= William Carl Lineberger =

American chemist (1939–2023)

William Carl Lineberger (December 5, 1939 – October 17, 2023) was an American chemist.

==Life and career==
A native of Hamlet, North Carolina, William Carl Lineberger was born to parents Caleb Henry and Evelyn Pelot Cooper Lineberger on December 5, 1939. His mother was a former teacher and his father was a railroad worker. Through his mother, Lineberger is of French Huguenot descent. As a child, Lineberger was a Boy Scout and made Eagle rank. After completing his bachelor's, master's and doctoral degrees at the Georgia Institute of Technology, Lineberger began teaching at his alma mater, leaving for a research position at the U. S. Army Ballistic Research Laboratory and later the Joint Institute for Laboratory Astrophysics. The University of Colorado at Boulder, one of two joint operators of JILA, hired Lineberger as an assistant professor in 1970. He was named E. U. Condon Distinguished Professor of Chemistry at the University of Colorado in 1985.

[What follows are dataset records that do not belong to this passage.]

(* Let $d\ge1$, $L>0$, $V\in\mathscr V_N$, and suppose that for some $\theta_d\in[0,\infty)$ there is $\rho\in\mathscr P$, not a.e. equal to $\rho_0$, with $\mathcal F_{\theta_d}(\rho)\le\mathcal F_{\theta_d}(\rho_0)$. Then for every $\theta>\theta_d$, $\rho_0$ is not a minimizer of $\mathcal F_\theta$ over $\mathscr P$.
   Context: $\mathbb T_L^d=\mathbb R^d/(L\mathbb Z)^d$. The class $\mathscr V$ consists of measurable $V:\mathbb R^d\to\mathbb R$ with $V\in L^1(\mathbb R^d)$, $V^-\in L^\infty$, $V(x)=V(-x)$, $V(x)=0$ for $|x|>a$, $0<a<L/2$; $V$ is periodized to $\mathbb T_L^d$ and $\hat V(k)=\int_{\mathbb T_L^d}V(x)e^{-ik\cdot x}dx$ for $k\in(2\pi/L)\mathbb Z^d$. $\mathscr V_N$ is the set of $V\in\mathscr V$ with $\hat V(k)<0$ for some $k\ne0$. $\mathscr P$ = probability densities on $\mathbb T_L^d$, $\rho_0\equiv L^{-d}$. $\mathcal F_\theta(\rho)=\int\rho\log\rho\,dx+\tfrac12\theta L^d\iint V(x-y)\rho(x)\rho(y)\,dx\,dy$ ($+\infty$ if $\rho\log\rho\notin L^1$). *)

From HB Require Import structures.
From mathcomp Require Import all_boot all_order all_algebra.
From mathcomp Require Import all_classical all_reals all_analysis.

Set Implicit Arguments.
Unset Strict Implicit.
Unset Printing Implicit Defensive.

Import Order.TTheory GRing.Theory Num.Theory.
Import numFieldNormedType.Exports.

Local Open Scope classical_set_scope.
Local Open Scope ring_scope.

(* Points of R^d are d-tuples of reals, with the product (= Borel)
   sigma-algebra provided by MathComp-Analysis ([measurable_tuple]). *)
Section Defs.
Variable R : realType.
Variable d : nat.

Definition pt := d.-tuple R.

Definition tsub (x y : pt) : pt := [tuple tnth x i - tnth y i | i < d].
Definition topp (x : pt) : pt := [tuple - tnth x i | i < d].

Definition enorm (x : pt) : R := Num.sqrt (\sum_(i < d) tnth x i ^+ 2).

Definition dotp (k x : pt) : R := \sum_(i < d) tnth k i * tnth x i.

Definition box (a b : pt) : set pt :=
  [set x | forall i : 'I_d, tnth a i <= tnth x i < tnth b i].

(* mu is Lebesgue measure on (the Borel sets of) R^d: it gives every box its
   volume.  Such a measure exists and is unique (boxes form a pi-system
   generating the sigma-algebra, and R^d is sigma-finite for it). *)
Definition is_lebesgue (mu : {measure set pt -> \bar R}) : Prop :=
  forall a b : pt, (forall i : 'I_d, tnth a i <= tnth b i) ->
    mu (box a b) = (\prod_(i < d) (tnth b i - tnth a i))%:E.

(* The torus T_L^d is represented by the fundamental cell [0, L)^d,
   functions on the torus by their restriction to this cell, and the
   Haar/Lebesgue measure of the torus by the restriction of mu to the cell. *)
Definition cell (L : R) : set pt :=
  [set x | forall i : 'I_d, 0 <= tnth x i < L].

Definition wrap (L t : R) : R := t - L * (Num.floor (t / L + 2^-1))%:~R.

(* For V vanishing outside the closed
   ball of radius a < L/2 (class [V_class]) the periodization
   sum_{k in Z^d} V(z + L k) has exactly one possibly-nonzero term, namely V
   evaluated at the centred representative of z. *)
Definition Vper (L : R) (V : pt -> R) (z : pt) : R :=
  V [tuple wrap L (tnth z i) | i < d].

Definition V_class (mu : {measure set pt -> \bar R}) (L : R) (V : pt -> R)
  : Prop :=
  [/\ mu.-integrable setT (fun x => (V x)%:E),
      (exists M : R, {ae mu, forall x, - M <= V x}),
      (forall x, V x = V (topp x)) &
      exists a : R, [/\ 0 < a, a < L / 2 &
                        forall x, a < enorm x -> V x = 0]].
(* Let $E$ be a closed formula in which all bound variables are pairwise distinct, let $S$ be the (finite) set of pieces of $E$, and let $d$ be the maximum depth of nested variables in $E$. Let $T$ be the finite set of LJB-sequents whose formulas all belong to $S$, whose bracket subscripts are all of the form $V(x)$ for some variable $x$ of $E$, and whose depth is at most $d$. Then only LJB-sequents of $T$ can occur in a derivation of $\vdash E$ in LJB.
   Context: Formulas: $A ::= P(t_1,\dots,t_n)\mid A\rightarrow A\mid\forall x\,A$, with first-order terms. A formula is a tree with nodes labelled by atomic formulas, $\rightarrow$, or $\forall x$; the pieces of $E$ are the formulas associated to the positions of this tree (the subtrees, without any substitution of variables). In $E$ each bound variable $x$ labels a unique position $\forall x$; $V(x)$ is the set of variables bound in the piece $\forall x\,A$ at that position. The maximum depth of nested variables is the maximal number of nodes labelled by a quantifier $\forall$ along a single root-to-leaf path of $E$. LJB: an LJB-context is a finite multiset of items; an item is a formula or $[\Gamma]_V$ ($V$ a finite set of variables bound by the bracket, $\Gamma$ an LJB-context); $FV([\Gamma]_V)=FV(\Gamma)\setminus V$. Depth: $depth(A)=0$ for a formula, $depth([\Gamma]_V)=1+depth(\Gamma)$, $depth(\{I_1,\dots,I_n\})=\max_i depth(I_i)$; the depth of an LJB-sequent is that of its context. Cleaning rules (anywhere in a context): $[I,\Gamma]_V\longrightarrow I,[\Gamma]_V$ if $FV(I)\cap V=\emptyset$; $[\ ]_V\longrightarrow\emptyset$; $I\,I\longrightarrow I$; $\Gamma{\downarrow}$ is the normal form for a fixed strategy. LJB rules apply only to LJB-sequents with normal context in which, in each formula, bound variables are distinct and distinct from free variables; formulas are not identified modulo $\alpha$. Rules: (L$\rightarrow$) from $\Gamma'\vdash A_1,\dots,\Gamma'\vdash A_n$ infer $\Gamma\vdash P$, where $\Gamma=\Gamma_1,[\Gamma_2,[\dots\Gamma_{i-1},[\Gamma_i, A_1\rightarrow\dots\rightarrow A_n\rightarrow P]_{V_{i-1}}\dots]_{V_2}]_{V_1}$ ($i\ge1$), $\Gamma'=([\dots[[\Gamma_1]_{V_1},\Gamma_2]_{V_2},\dots,\Gamma_{i-1}]_{V_{i-1}},\Gamma_i,A_1\rightarrow\dots\rightarrow A_n\rightarrow P){\downarrow}$, $P$ atomic with no free variable in $V_1\cup\dots\cup V_{i-1}$; (R$\forall$) from $[\Gamma]_V{\downarrow}\vdash A$ infer $\Gamma\vdash\forall x\,A$, $V$ the set of all variables bound in $\forall x\,A$; (R$\rightarrow$) from $(\Gamma,A){\downarrow}\vdash B$ infer $\Gamma\vdash A\rightarrow B$. *)

From Stdlib Require Import List Arith.
Import ListNotations.

Definition var := nat.

Inductive term : Type :=
| TVar : var -> term
| TFun : nat -> list term -> term.

Inductive formula : Type :=
| Atom : nat -> list term -> formula
| Imp : formula -> formula -> formula
| All : var -> formula -> formula.

Fixpoint tfv (t : term) : list var :=
  match t with
  | TVar x => [x]
  | TFun _ ts => (fix go (ts : list term) : list var :=
                    match ts with [] => [] | u :: us => tfv u ++ go us end) ts
  end.

Fixpoint fv (A : formula) : list var :=
  match A with
  | Atom _ ts => flat_map tfv ts
  | Imp B C => fv B ++ fv C
  | All x B => filter (fun y => negb (Nat.eqb y x)) (fv B)
  end.

Fixpoint bv (A : formula) : list var :=
  match A with
  | Atom _ _ => []
  | Imp B C => bv B ++ bv C
  | All x B => x :: bv B
  end.

Fixpoint pieces (A : formula) : list formula :=
  A :: match A with
       | Atom _ _ => []
       | Imp B C => pieces B ++ pieces C
       | All _ B => pieces B
       end.

Fixpoint qdepth (A : formula) : nat :=
  match A with
  | Atom _ _ => 0
  | Imp B C => Nat.max (qdepth B) (qdepth C)
  | All _ B => S (qdepth B)
  end.

Definition closed (A : formula) : Prop := fv A = [].

(* V(x): the set of variables bound in the piece  forall x A  of E *)
Definition set_eq (V W : list var) : Prop := forall x, In x V <-> In x W.

Definition is_Vx (E : formula) (V : list var) : Prop :=
  exists x B, In (All x B) (pieces E) /\ set_eq V (bv (All x B)).

(* LJB contexts: finite multisets of items, represented by lists taken
   up to (recursive) permutation; bracket subscripts are finite sets of
   variables, represented by lists taken up to set equality.            *)
Inductive item : Type :=
| IF : formula -> item
| IB : list var -> list item -> item.

Definition ctx := list item.

Inductive iequiv : item -> item -> Prop :=
| ie_form A : iequiv (IF A) (IF A)
| ie_br V W G H : set_eq V W -> cequiv G H -> iequiv (IB V G) (IB W H)
with cequiv : ctx -> ctx -> Prop :=
| ce_nil : cequiv [] []
| ce_cons I J G H : iequiv I J -> cequiv G H -> cequiv (I :: G) (J :: H)
| ce_swap I J G : cequiv (I :: J :: G) (J :: I :: G)
| ce_trans G H K : cequiv G H -> cequiv H K -> cequiv G K.

Fixpoint ifv (I : item) (x : var) : Prop :=
  match I with
  | IF A => In x (fv A)
  | IB V G => (fix go (G : ctx) : Prop :=
                 match G with [] => False | J :: G' => ifv J x \/ go G' end) G
              /\ ~ In x V
  end.

Fixpoint idepth (I : item) : nat :=
  match I with
  | IF _ => 0
  | IB _ G => S ((fix go (G : ctx) : nat :=
                    match G with [] => 0 | J :: G' => Nat.max (idepth J) (go G') end) G)
  end.
(* Polarisation of V_G: with p^k the k-th coordinate of the momenta,
   V_G = sum_k (D_G(p^k) - U_G), by the matrix determinant lemma. *)
Lemma VG_DG G : QG G \in unitmx ->
  VG G = \sum_(k < d) (DG (fun v : vert G => mom v 0 k) - UG G).
Proof.
move=> unitQ.
have termE k : DG (fun v : vert G => mom v 0 k) - UG G =
    UG G * \sum_(v : vert G) \sum_(v' : vert G)
      mom v' 0 k * mom v 0 k * invmx (QG G) (vidx v') (vidx v).
  by rewrite DG_rank1 det_rank1_update // quad_yvec /UG mulrDr mulr1 addrAC subrr add0r.
rewrite (eq_bigr _ (fun k _ => termE k)) /VG -mulr_sumr; congr (_ * _).
symmetry; rewrite exchange_big; under eq_bigr do rewrite exchange_big.
rewrite exchange_big; apply: eq_bigr => v _; apply: eq_bigr => v' _.
by rewrite /dotp mulr_suml.
Qed.

Definition del_embed G (e : edge G) (s : EV (del e)) : EV G :=
  match s with inl f => inl (val f) | inr v => inr v end.

Lemma enumerates_del_embed G (e : edge G) : enumerates (@del_embed G e) (fun t => t <> inl e).
Proof.
split.
- by case=> [f|v] [f'|v'] //= [] => [/val_inj|] ->.
- by case=> [f|v] //= [] /eqP; apply/negP; exact: (valP f).
- case=> [f|v] ne; last by exists (inr v).
  have nf : f != e by apply/eqP => ef; apply: ne; rewrite ef.
  by exists (inl (exist _ f nf)).
Qed.

Lemma qkernel_del G (e : edge G) (x : vert G -> C) (s t : EV (del e)) :
  qkernel (G := del e) x s t = qkernel x (del_embed s) (del_embed t).
Proof. by case: s => [f|v]; case: t => [f'|w]. Qed.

Over the course of his career, Lineberger received several awards. Among them are: the Herbert P. Broida Prize (1981) awarded by the American Physical Society, the Earle K. Plyler Prize for Molecular Spectroscopy (1992), Irving Langmuir Award (1996) and Peter Debye Award (2004) of the American Chemical Society, and the William F. Meggers Award in Spectroscopy (1989) from the Optical Society of America. Lineberger received the NAS Award in Chemical Sciences in 2015. Lineberger was a member of the American Chemical Society as well as the National Academy of Sciences (1983) and American Academy of Arts and Sciences (1995). He was a fellow of the American Association for the Advancement of Science and the American Physical Society (1973). From 2011 to 2016, Lineberger served on the National Science Board and was nominated for a second term by Barack Obama in 2016.

Lineberger died on October 17, 2023, at the age of 83.